Tony Scott, o diretor do filme, não é conhecido por ser um bom diretor, é sim conhecido por ser capaz de fazer um entretenimento escapista. É isso que esse filme é. Claro que ele tem seus defeitos, mas convenhamos que qualquer filme de Tony Scott é muito melhor que um filme de Michael Bay (Transformers).
Aqui temos a refilmagem de um filme de 1974 e, como manda a lei, foi repaginado para os novos tempos. O resgate pulou de 1 milhão de dólares para 10 (ainda assim, nada absurdo para os dias de hoje e acho que consideraria um resgate justo considerando que o prazo é de apenas uma hora), a negociação não é feita com um policial e sim com um operador, entre outras modificações, mas estou me adiantando.
Vamos lá. Denzel Washington interpreta Walter Garber, um funcionário de alto escalão que por algum motivo foi rebaixado e agora está como operador de uma linha de metrô. Pro seu azar, é justo na área onde está operando que Ryder (John Travolta) decide sequestrar um vagão com os passageiros todos a bordo. Na chegada da polícia, Ryder prefere continuar se comunicando com Garber do que com a polícia. Há algo de identificação entre ele e Garber. Por isso antes ele que um "policial seboso" (Turturro).
No duelo entre os atores, eu fico com Travolta. Nada de errado com Denzel, sempre competente que faz seu papel muito bem. Garber parece ser um cara normal que só quer acertar sua vida. Já Travolta é a ira em pessoa. Ele grita e gesticula, está sempre nervoso e nem ao menos sabemos porquê (pelo menos por boa parte do filme). Além disso, estão otimamente amparados por seus coadjuvantes. Além de Turturro, temos um James Gandolfini (Os Sopranos, e também trabalhou com Scott em Amor à Queima Roupa, com roteiro de Tarantino).
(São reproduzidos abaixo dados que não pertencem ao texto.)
(* For all $Y,Z\in\mathbb{N}^\mathbb{N}$, the following are equivalent: (1) $Y=\mathcal{J}^\omega(Z)$; (2) for every $n$ there exists a finite string $\sigma_n\subset Z$ with $|\sigma_n|>n$ such that $Y\restriction n=J^\omega(\sigma_n)$.
   Context: Strings are coded by natural numbers via a fixed computable coding with $\sigma\subsetneq\tau$ implying code$(\sigma)<$ code$(\tau)$. For $\sigma$ finite or infinite, $\{e\}^\sigma_t(n)\downarrow$ means the $e$-th machine on input $n$ with oracle $\sigma$ halts in fewer than $\min(|\sigma|,t)$ steps. For $Z\in\mathbb{N}^\mathbb{N}$: $t_{-1}=1$, $t_n=\max\{t_{n-1}+1,\mu t(\{n\}^Z_t(n)\downarrow)\}$ ($t_n=t_{n-1}+1$ if no such $t$), $\mathcal{J}(Z)(n)=Z\restriction t_n$, and $\mathcal{J}^\omega(Z)(n)=\mathcal{J}^{n+1}(Z)(0)$. For finite $\sigma$: $t_{-1}=1$, $t_n=\max\{t_{n-1}+1,\mu t(\{n\}^{\sigma\restriction t}(n)\downarrow)\}$ ($t_n=t_{n-1}+1$ if no such $t$), $J(\sigma)=\langle\sigma\restriction t_0,\dots,\sigma\restriction t_{k-1}\rangle$ with $k$ least such that $t_k>|\sigma|$; $J^m$ is the $m$-fold iterate (entries of strings being codes of strings); and $J^\omega(\sigma)=\langle J(\sigma)(0),J^2(\sigma)(0),\dots,J^{n-1}(\sigma)(0)\rangle$ where $n$ is least with $J^n(\sigma)=\emptyset$. *)

From Stdlib Require Import ClassicalEpsilon.
From mathcomp Require Import all_boot.
Set Implicit Arguments. Unset Strict Implicit. Unset Printing Implicit Defensive.

(* Machine model:
   [halt e n tau] = the e-th oracle machine on input n, run with the finite
   oracle string tau, halts in fewer than [size tau] steps (and so only reads
   tau).  Thus {e}^sigma_t(n)|  (sigma finite or infinite) is
   [halt e n (sigma |` min(|sigma|,t))].
   Strings are coded by [code : seq nat -> nat]. *)

Definition mu (P : pred nat) : option nat :=
  match excluded_middle_informative (exists t, P t) with
  | left H => Some (ex_minn H)
  | right _ => None
  end.

Definition restr (Z : nat -> nat) (t : nat) : seq nat := mkseq Z t.

Section Jump.
Variable code : seq nat -> nat.
Variable halt : nat -> nat -> seq nat -> bool.

(* tinf Z n = t_{n-1}; so t_n = tinf Z n.+1, t_{-1} = 1 *)
Fixpoint tinf (Z : nat -> nat) (n : nat) : nat :=
  match n with
  | 0 => 1
  | m.+1 =>
      match mu (fun t => halt m m (restr Z t)) with
      | Some s => maxn (tinf Z m).+1 s
      | None => (tinf Z m).+1
      end
  end.

Definition calJ (Z : nat -> nat) : nat -> nat :=
  fun n => code (restr Z (tinf Z n.+1)).

Definition calJomega (Z : nat -> nat) : nat -> nat :=
  fun n => iter n.+1 calJ Z 0.

(* tfin s n = t_{n-1} *)
Fixpoint tfin (s : seq nat) (n : nat) : nat :=
  match n with
  | 0 => 1
  | m.+1 =>
      match mu (fun t => halt m m (take t s)) with
      | Some u => maxn (tfin s m).+1 u
      | None => (tfin s m).+1
      end
  end.

Lemma tfin_ge s n : n < tfin s n.
Proof.
elim: n => [//|n IH] /=.
case: (mu _) => [u|]; last by [].
by apply: leq_trans (leq_maxl _ _).
Qed.

Lemma kJ_ex s : exists k, size s < tfin s k.+1.
Proof. by exists (size s); apply: leq_trans (tfin_ge s _). Qed.

Definition kJ (s : seq nat) : nat := ex_minn (kJ_ex s).

Definition Jfin (s : seq nat) : seq nat :=
  [seq code (take (tfin s i.+1) s) | i <- iota 0 (kJ s)].

Lemma size_Jfin s : size (Jfin s) <= (size s).-1.
Proof.
rewrite size_map size_iota /kJ; case: ex_minnP => k _ Hmin.
apply: Hmin; case: s => [|x s] /=; first exact: ltnW (tfin_ge [::] 1).
exact: tfin_ge.
Qed.

Lemma nJ_ex s : exists n, iter n Jfin s == [::].
Proof.
exists (size s).
suff H : forall m, size (iter m Jfin s) <= size s - m.
  by have := H (size s); rewrite subnn leqn0 size_eq0.
elim=> [|m IH] /=; first by rewrite subn0.
apply: leq_trans (size_Jfin _) _.
by rewrite subnS -!subn1 leq_sub2r.
Qed.

Definition nJ (s : seq nat) : nat := ex_minn (nJ_ex s).

Definition Jomega (s : seq nat) : seq nat :=
  [seq head 0 (iter i Jfin s) | i <- iota 1 (nJ s).-1].

End Jump.

(* Direction (1) => (2): take [sigma_n = Z |` L_n(Z)], where [L_0(X) = 1] and
   [L_(n+1)(X) = t_(k-1)(X)] with [k = L_n(J(X))].  The finite jump reproduces
   the infinite one on the nose, [J(X |` t_(k-1)(X)) = J(X) |` k], so iterating
   gives [J^omega(sigma_n) = J^omega(Z) |` n] exactly.

   Direction (2) => (1): two approximations share [Y], hence share the heads of
   their iterated jumps, and since each entry of [J(sigma)] codes a prefix of
   [sigma] of length [t_i > i], agreement of [J(sigma)] on [a + 1] entries
   forces agreement of [sigma] on [a + 2] entries.  Hence, for each level [m],
   the [m]-th iterated jumps of the approximations stabilise on every prefix,
   including the lengths [t_i] they use; once those lengths lie inside the
   stabilised prefix of [J^m(Z)], the finite and the infinite jump coincide. *)

From Stdlib Require Import ClassicalEpsilon.
From mathcomp Require Import all_boot.

Set Implicit Arguments.
Unset Strict Implicit.
Unset Printing Implicit Defensive.

Lemma mu_Some (P : pred nat) u : mu P = Some u -> P u /\ forall t, P t -> u <= t.
Proof. by rewrite /mu; case: excluded_middle_informative => // H [<-]; case: ex_minnP. Qed.

Lemma mu_None (P : pred nat) : mu P = None -> forall t, ~~ P t.
Proof.
rewrite /mu; case: excluded_middle_informative => // nP _ t.
by apply/negP => Pt; apply: nP; exists t.
Qed.

Lemma eq_mu_upto (P Q : pred nat) B : (forall t, t <= B -> P t = Q t) ->
  (forall u, mu P = Some u -> u <= B) -> (forall u, mu Q = Some u -> u <= B) ->
  mu P = mu Q.
Proof.
move=> PQ boundP boundQ.
case EP: (mu P) => [u|]; case EQ: (mu Q) => [v|] //.
- have [uB vB] := (boundP _ EP, boundQ _ EQ).
  have [[Pu minu] [Qv minv]] := (mu_Some EP, mu_Some EQ).
  rewrite PQ // in Pu; rewrite -PQ // in Qv.
  by congr Some; apply/eqP; rewrite eqn_leq minu ?minv.
- by have [Pu _] := mu_Some EP; have := mu_None EQ u; rewrite -PQ ?Pu ?boundP.
- by have [Qv _] := mu_Some EQ; have := mu_None EP v; rewrite PQ ?Qv ?boundQ.
Qed.

Lemma mu_take_le (Q : pred (seq nat)) s u :
  mu (fun t => Q (take t s)) = Some u -> u <= size s.
Proof.
move=> /mu_Some [Qu minu]; apply: leq_trans (geq_minr u (size s)).
by apply: minu; rewrite take_min take_size.
Qed.

Lemma take_mkseq (T : Type) (f : nat -> T) a b :
  take a (mkseq f b) = mkseq f (minn a b).
Proof. by rewrite /mkseq -map_take take_iota. Qed.

Lemma take_restr X a b : a <= b -> take a (restr X b) = restr X a.
Proof. by move=> ab; rewrite take_mkseq (minn_idPl ab). Qed.

Section Jump.

Variables (code : seq nat -> nat) (halt : nat -> nat -> seq nat -> bool).

Local Notation tinf := (tinf halt).
Local Notation tfin := (tfin halt).
Local Notation kJ := (kJ halt).
Local Notation calJ := (calJ code halt).
Local Notation calJomega := (calJomega code halt).
Local Notation Jfin := (Jfin code halt).
Local Notation nJ := (nJ code halt).
Local Notation Jomega := (Jomega code halt).

Lemma tinf_ltS X n : tinf X n < tinf X n.+1.
Proof. by rewrite /=; case: (mu _) => // u; rewrite leq_max leqnn. Qed.

Lemma tfin_ltS s n : tfin s n < tfin s n.+1.
Proof. by rewrite /=; case: (mu _) => // u; rewrite leq_max leqnn. Qed.

Lemma tinf_gt X n : n < tinf X n.
Proof. by elim: n => // n IH; apply: leq_ltn_trans IH (tinf_ltS X n). Qed.

Lemma leq_tinf X : {homo tinf X : m n / m <= n}.
Proof. by apply: homo_leq leq_trans _ => // n; apply: ltnW (tinf_ltS X n). Qed.

Lemma leq_tfin s : {homo tfin s : m n / m <= n}.
Proof. by apply: homo_leq leq_trans _ => // n; apply: ltnW (tfin_ltS s n). Qed.

Lemma tfin_le_size s i : i < kJ s -> tfin s i.+1 <= size s.
Proof.
rewrite /kJ; case: ex_minnP => k _ mink ik.
by rewrite leqNgt; apply/negP => /mink; rewrite leqNgt ik.
Qed.

Lemma JfinE s : Jfin s = mkseq (fun i => code (take (tfin s i.+1) s)) (kJ s).
Proof. by []. Qed.

Lemma size_Jfin_kJ s : size (Jfin s) = kJ s.
Proof. exact: size_mkseq. Qed.

Lemma tfin_tinfS s X P j : take P s = restr X P -> tinf X j.+1 <= P ->
  (forall u, mu (fun t => halt j j (take t s)) = Some u -> u <= P) ->
  tfin s j = tinf X j -> tfin s j.+1 = tinf X j.+1.
Proof.
move=> sX tP boundP IH /=.
rewrite IH (@eq_mu_upto _ (fun t => halt j j (restr X t)) P) //.
- by move=> t tP'; rewrite -(take_takel _ tP') sX take_restr.
- by move=> v Ev; apply: leq_trans tP; rewrite /= Ev leq_maxr.
Qed.

Lemma tfin_restr_tinf X k j : j <= k -> tfin (restr X (tinf X k)) j = tinf X j.
Proof.
elim: j => // j IH jk; apply: (tfin_tinfS (P := tinf X k)) (IH (ltnW jk)).
- by rewrite take_restr.
- exact: leq_tinf jk.
- by move=> u /mu_take_le; rewrite size_mkseq.
Qed.

Lemma tfin_eq_tinf s X P j : take P s = restr X P -> tinf X j <= P -> tfin s j <= P ->
  forall i, i <= j -> tfin s i = tinf X i.
Proof.
move=> sX tP fP; elim=> // i IH ij; apply: (tfin_tinfS sX) (IH (ltnW ij)).
- exact: leq_trans (leq_tinf X ij) tP.
- move=> u Eu; apply: leq_trans (leq_trans (leq_tfin s ij) fP).
  by rewrite /= Eu leq_maxr.
Qed.

Lemma kJ_restr_tinf X k : kJ (restr X (tinf X k)) = k.
Proof.
rewrite /kJ; case: ex_minnP => i; rewrite size_mkseq => ki mini.
apply/eqP; rewrite eqn_leq mini /=; last first.
  by rewrite -{1}(tfin_restr_tinf X (leqnn k)) tfin_ltS.
by rewrite leqNgt; apply/negP => ik; move: ki; rewrite tfin_restr_tinf // ltnNge leq_tinf.
Qed.

Lemma Jfin_restr_tinf X k : Jfin (restr X (tinf X k)) = restr (calJ X) k.
Proof.
rewrite JfinE kJ_restr_tinf; apply/eq_in_map => i; rewrite mem_iota => /andP[_ ik].
by rewrite tfin_restr_tinf // take_restr // leq_tinf.
Qed.

Lemma Jfin_nil : Jfin [::] = [::].
Proof. by apply/eqP; rewrite -size_eq0 -leqn0 (size_Jfin code halt [::]). Qed.

Lemma nJ_eq s n : iter n Jfin s != [::] -> iter n.+1 Jfin s = [::] -> nJ s = n.+1.
Proof.
move=> ne0 eq0; rewrite /nJ; case: ex_minnP => k /eqP ek mink.
apply/eqP; rewrite eqn_leq mink ?eq0 //= ltnNge; apply/negP => kn.
by move: ne0; rewrite -(subnK kn) iterD ek iter_fix ?Jfin_nil.
Qed.

Lemma iter_Jfin_neq0 s m : m < nJ s -> iter m Jfin s != [::].
Proof.
by rewrite /nJ; case: ex_minnP => k _ mink mk; apply/negP => /mink; rewrite leqNgt mk.
Qed.

Lemma size_Jomega s : size (Jomega s) = (nJ s).-1.
Proof. by rewrite size_map size_iota. Qed.

Lemma nth_Jomega s k : k < (nJ s).-1 ->
  nth 0 (Jomega s) k = head 0 (iter k.+1 Jfin s).
Proof. by move=> kn; rewrite (nth_map 0) ?size_iota // nth_iota. Qed.

Fixpoint approx_len n X : nat :=
  if n is n'.+1 then tinf X (approx_len n' (calJ X)) else 1.

Lemma approx_len_gt n X : n < approx_len n X.
Proof. by elim: n X => // n IH X; apply: leq_ltn_trans (IH _) (tinf_gt _ _). Qed.

Lemma iter_Jfin_restr_len n m X : m <= n ->
  iter m Jfin (restr X (approx_len n X)) =
  restr (iter m calJ X) (approx_len (n - m) (iter m calJ X)).
Proof.
elim: m n X => [|m IH] n X mn; first by rewrite subn0.
by case: n mn => // n mn; rewrite !iterSr /= Jfin_restr_tinf IH.
Qed.

Lemma Jomega_restr_len n X : Jomega (restr X (approx_len n X)) = restr (calJomega X) n.
Proof.
have nJs : nJ (restr X (approx_len n X)) = n.+1.
  apply: nJ_eq; first by rewrite iter_Jfin_restr_len // subnn.
  by rewrite iterS iter_Jfin_restr_len // subnn (Jfin_restr_tinf _ 0).
apply: (@eq_from_nth _ 0) => [|k]; first by rewrite size_Jomega nJs size_mkseq.
rewrite size_Jomega nJs => kn.
rewrite nth_Jomega ?nJs // iter_Jfin_restr_len // nth_mkseq //.
by rewrite -nth0 nth_mkseq // (leq_ltn_trans _ (approx_len_gt _ _)).
Qed.

Section Approximation.

Hypothesis code_inj : injective code.
Variables Y Z : nat -> nat.

Definition approx n s := s = restr Z (size s) /\ n < size s /\ restr Y n = Jomega s.

Hypothesis approx_ex : forall n, exists s, approx n s.

Lemma approx_iter_Jfin n s k : approx n s -> k < n -> exists w, iter k.+1 Jfin s = Y k :: w.
Proof.
move=> [_ [_ EY]] kn.
have nJs : nJ s = n.+1.
  by move: (congr1 size EY) kn; rewrite size_mkseq size_Jomega => ->; case: (nJ s).
have := iter_Jfin_neq0 (_ : k.+1 < nJ s); rewrite nJs => /(_ kn).
have := nth_Jomega (_ : k < (nJ s).-1); rewrite nJs -EY nth_mkseq // => /(_ kn).
by case: (iter k.+1 Jfin s) => // x w /= -> _; exists w.
Qed.

Lemma Jfin_nth_inj s s' i : i < kJ s -> i < kJ s' ->
  nth 0 (Jfin s) i = nth 0 (Jfin s') i ->
  tfin s i.+1 = tfin s' i.+1 /\ take (tfin s i.+1) s = take (tfin s i.+1) s'.
Proof.
move=> ik ik'; rewrite !JfinE !nth_mkseq // => /code_inj E.
have Et : tfin s i.+1 = tfin s' i.+1.
  by move: (congr1 size E); rewrite !size_takel ?tfin_le_size.
by split; rewrite // E Et.
Qed.

Lemma Jfin_prefix_inj s s' a : a < size (Jfin s) -> a < size (Jfin s') ->
  take a.+1 (Jfin s) = take a.+1 (Jfin s') ->
  a.+1 < size s /\ a.+1 < size s' /\ take a.+2 s = take a.+2 s'.
Proof.
rewrite !size_Jfin_kJ => ak ak' E.
have [Et Es] : tfin s a.+1 = tfin s' a.+1 /\ take (tfin s a.+1) s = take (tfin s a.+1) s'.
  by apply: Jfin_nth_inj => //; rewrite -(nth_take 0 (ltnSn a)) E nth_take.
have [lt lt'] := (tfin_ge halt s a.+1, tfin_ge halt s' a.+1).
split; first exact: leq_trans lt (tfin_le_size ak).
split; first exact: leq_trans lt' (tfin_le_size ak').
by rewrite -(take_takel _ lt) Es take_takel.
Qed.

Lemma approx_iter_Jfin_agree n n' s s' l d : approx n s -> approx n' s' ->
  l + d < n -> l + d < n' ->
  [/\ d < size (iter l.+1 Jfin s), d < size (iter l.+1 Jfin s') &
      take d.+1 (iter l.+1 Jfin s) = take d.+1 (iter l.+1 Jfin s')].
Proof.
move=> V V'; elim: d l => [|d IH] l ln ln'.
  rewrite addn0 in ln ln'.
  have [w ->] := approx_iter_Jfin V ln; have [w' ->] := approx_iter_Jfin V' ln'.
  by rewrite !take_cons !take0.
have [ln1 ln1'] : l.+1 + d < n /\ l.+1 + d < n' by rewrite !addSnnS.
have [ds ds' E] := IH _ ln1 ln1'.
by move: ds ds' E; rewrite !(iterS l.+1) => ds ds' /(Jfin_prefix_inj ds ds') [? [? ?]].
Qed.

Lemma approx_tfin_stable m p : exists B N, forall n s, N <= n -> approx n s ->
  p < kJ (iter m Jfin s) /\ tfin (iter m Jfin s) p.+1 = B.
Proof.
have [s0 V0] := approx_ex (m + p).+1.
exists (tfin (iter m Jfin s0) p.+1), (m + p).+1 => n s mpn V.
have [ps ps0 E] := approx_iter_Jfin_agree V V0 mpn (ltnSn _).
move: ps ps0 E; rewrite !iterS !size_Jfin_kJ => ps ps0 E; split => //.
by apply: (proj1 (Jfin_nth_inj ps ps0 _)); rewrite -(nth_take 0 (ltnSn p)) E nth_take.
Qed.

Lemma approx_iter_Jfin_conv m p : exists N, forall n s, N <= n -> approx n s ->
  p <= size (iter m Jfin s) /\ take p (iter m Jfin s) = restr (iter m calJ Z) p.
Proof.
elim: m p => [|m IH] p.
  exists p => n s pn [sZ [ns _]] /=; have ps : p <= size s := leq_trans pn (ltnW ns).
  by rewrite {2}sZ take_restr.
case: p => [|p]; first by exists 0 => n s _ _; rewrite take0.
set X := iter m calJ Z.
have [B [N1 stable]] := approx_tfin_stable m p.
have [N2 conv] := IH (maxn B (tinf X p.+1)).
exists (maxn N1 N2) => n s; rewrite geq_max => /andP[N1n N2n] V.
have [pk tB] := stable n s N1n V; have [_ sX] := conv n s N2n V.
have tP : tfin (iter m Jfin s) p.+1 <= maxn B (tinf X p.+1) by rewrite tB leq_maxl.
have tX := tfin_eq_tinf sX (leq_maxr _ _) tP.
rewrite !iterS -/X size_Jfin_kJ; split => //.
rewrite JfinE take_mkseq (minn_idPl pk); apply/eq_in_map => i.
rewrite mem_iota => /andP[_ ip]; rewrite tX // /calJ.
have tiP : tinf X i.+1 <= maxn B (tinf X p.+1) by rewrite leq_max leq_tinf ?orbT.
by rewrite -(take_takel _ tiP) sX take_restr.
Qed.

End Approximation.

End Jump.

Theorem lemma5p11
  (code : seq nat -> nat)
  (halt : nat -> nat -> seq nat -> bool)
  (code_inj : injective code)
  (code_mono : forall s u : seq nat, u != [::] -> code s < code (s ++ u))
  (halt_mono : forall (e n : nat) (s u : seq nat), halt e n s -> halt e n (s ++ u))
  (Y Z : nat -> nat) :
  (forall n, Y n = calJomega code halt Z n) <->
  (forall n : nat, exists sigma : seq nat,
      sigma = restr Z (size sigma) /\ n < size sigma /\
      restr Y n = Jomega code halt sigma).
Proof.
split=> [YJ n | approx_ex j].
  exists (restr Z (approx_len code halt n Z)); rewrite size_mkseq.
  by rewrite Jomega_restr_len /restr (eq_mkseq YJ) approx_len_gt.
have [N conv] := approx_iter_Jfin_conv code_inj approx_ex j.+1 1.
have [s V] := approx_ex (maxn N j.+1).
have [_ E] := conv _ s (leq_maxl _ _) V.
have [w Ew] := approx_iter_Jfin V (leq_maxr N j.+1).
by move: E; rewrite Ew => -[->].
Qed.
O problema mesmo está no roteiro que não desenvolve seus personagens secundários (na verdade, nem desenvolve suficiente bem os principais). Nem os reféns quanto menos os cúmplices, de forma que não me fez me importar com nenhum deles. Se eles morrem ou vivem, passa a ser secundário para mim, o que cria uma falta de tensão quando escolhem priorizar apenas pelas cenas de ação.
Há também a direção frenética de Scott, que certas vezes faz seus filmes parecerem aqueles desenhos japoneses que causavam ataques epiléticos em quem assistia. Sem contar que está na hora de ele fazer um final mais marcante ao invés desses finais insossos que ele vem usando. Se estiver de muito bom humor, serve como diversão. Com bom humor.

The Taking of Pelham 123. Ano: 2009. Duração: 105 minutos. Com: Denzel Washington, John Travolta, James Gandolfini e John Turturro. Direção: Tony Scott; Roteiro: Brian Helgeland; Música: Harry Gregson-Willians; Fotografia: Tobias A. Schiliessler; Edição: Chris Lebenzon.